● **Task directions**
Please reproduce exactly the lines that begin the listing below, up to and including the line where "(K : nat) (eta" occurs.

● **Data records**
Lemma q_unnorm_integral_gt0 n (P : vec n -> R) (L tau : R) (x : vec n) :
  0 < L -> 0 < tau -> 2 * L <= expR (- (2 * tau)) / (1 - expR (- (2 * tau))) ->
  grad_log_lipschitz P L ->
  0 < fine (integral_Rd (fun y => (q_unnorm P tau x y)%:E)).
Proof.
move=> L0 tau0 ratio_ge [_ [dP lipP]].
have E1 : expR (- (2 * tau)) < 1 by rewrite expR_lt1; lra.
rewrite /q_unnorm; apply: (tilt_integral_gt0 (a := expR (- tau)) x L0 dP lipP).
  by rewrite invr_gt0 mulr_gt0 ?subr_gt0.
by rewrite -expRM_natl mulrN invfM mulrCA; lra.
Qed.

End OrnsteinUhlenbeck.

Theorem lemma10 (R : realType) (d : nat) (pstar : 'rV[R]_d -> R) (L : R)
  (K : nat) (eta : R) (Rn : nat) :
  is_prob_density pstar ->
  0 < L ->
  (0 < K)%N ->
  0 < eta ->
  (0 < Rn)%N ->
  (1 / 2 * ln ((2 * L + 1) / (2 * L))) / eta = Rn%:R ->
  (forall (k : nat) (t : R), (k < K)%N -> 0 <= t ->
     t <= 1 / 2 * ln ((2 * L + 1) / (2 * L)) ->
     grad_log_lipschitz
       (ou_density pstar (k%:R * (1 / 2 * ln ((2 * L + 1) / (2 * L))) + t)) L) ->
  forall (k r : nat), (k < K)%N -> (r < Rn)%N ->
  let S := 1 / 2 * ln ((2 * L + 1) / (2 * L)) in
  let tau := S - r%:R * eta in
  let mu_r := 1 / 2 * (expR (- (2 * tau)) / (1 - expR (- (2 * tau)))) in
  let L_r := 3 / 2 * (expR (- (2 * tau)) / (1 - expR (- (2 * tau)))) in
  forall x x' : 'rV[R]_d,
    differentiable
      (grad (fun y => ln (q_cond (ou_density pstar (k%:R * S)) tau x y))) x' ->
    loewner_le (mu_r%:M)
      (- hessian (fun y => ln (q_cond (ou_density pstar (k%:R * S)) tau x y)) x')
    /\ loewner_le
      (- hessian (fun y => ln (q_cond (ou_density pstar (k%:R * S)) tau x y)) x')
      (L_r%:M).
Proof.
move=> _ L0 _ eta0 _ SE hlip k r kK rRn S tau mu_r L_r x x' dgrad.
have tau_gt0 : 0 < tau.
  have S_eq : S = Rn%:R * eta by rewrite -SE divfK ?gt_eqF.
  have : r%:R + 1 <= Rn%:R :> R by rewrite natr1 ler_nat.
  by rewrite /tau S_eq; nra.
have tau_le_S : tau <= S by rewrite /tau gerBl mulr_ge0 ?ler0n ?ltW.
have ratio_ge := expR_ratio_ge_twice L0 tau_gt0 tau_le_S.
have P_lip : grad_log_lipschitz (ou_density pstar (k%:R * S)) L.
  by have := hlip k 0 kK (lexx 0) (ltW (lt_le_trans tau_gt0 tau_le_S)); rewrite addr0.
have Z_gt0 := q_unnorm_integral_gt0 x L0 tau_gt0 ratio_ge P_lip.
case: P_lip => P_gt0 [dP lipP].
rewrite ln_q_condE // in dgrad *.
have hess_bound v := quad_form_hessian_near_scalar v L0 lipP dgrad
  (fun z => grad_sub_enorm2_affineB x _ _ _ (fun j => diff_derivable (dP z))
                                           (fun j => diff_derivable (dP x'))).
have E_lt1 : expR (- (2 * tau)) < 1 by rewrite expR_lt1; lra.
rewrite (_ : 2 * expR (- tau) ^+ 2 / _ = expR (- (2 * tau)) / (1 - expR (- (2 * tau))))
  in hess_bound; last by rewrite -expRM_natl mulrN; field; rewrite gt_eqF ?subr_gt0.
set c := expR _ / _ in ratio_ge hess_bound.
have c_half_ge (v : 'rV_d) : 0 <= (c / 2 - L) * enorm2 v by rewrite mulr_ge0 ?enorm2_ge0; lra.
split => v; rewrite quad_formN quad_form_scalar /mu_r /L_r -/c;
  have := c_half_ge v; have := hess_bound v; rewrite ler_norml; lra.
Qed.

● **Exercise result**
Lemma q_unnorm_integral_gt0 n (P : vec n -> R) (L tau : R) (x : vec n) :
  0 < L -> 0 < tau -> 2 * L <= expR (- (2 * tau)) / (1 - expR (- (2 * tau))) ->
  grad_log_lipschitz P L ->
  0 < fine (integral_Rd (fun y => (q_unnorm P tau x y)%:E)).
Proof.
move=> L0 tau0 ratio_ge [_ [dP lipP]].
have E1 : expR (- (2 * tau)) < 1 by rewrite expR_lt1; lra.
rewrite /q_unnorm; apply: (tilt_integral_gt0 (a := expR (- tau)) x L0 dP lipP).
  by rewrite invr_gt0 mulr_gt0 ?subr_gt0.
by rewrite -expRM_natl mulrN invfM mulrCA; lra.
Qed.

End OrnsteinUhlenbeck.

Theorem lemma10 (R : realType) (d : nat) (pstar : 'rV[R]_d -> R) (L : R)
  (K : nat) (eta : R) (Rn : nat) :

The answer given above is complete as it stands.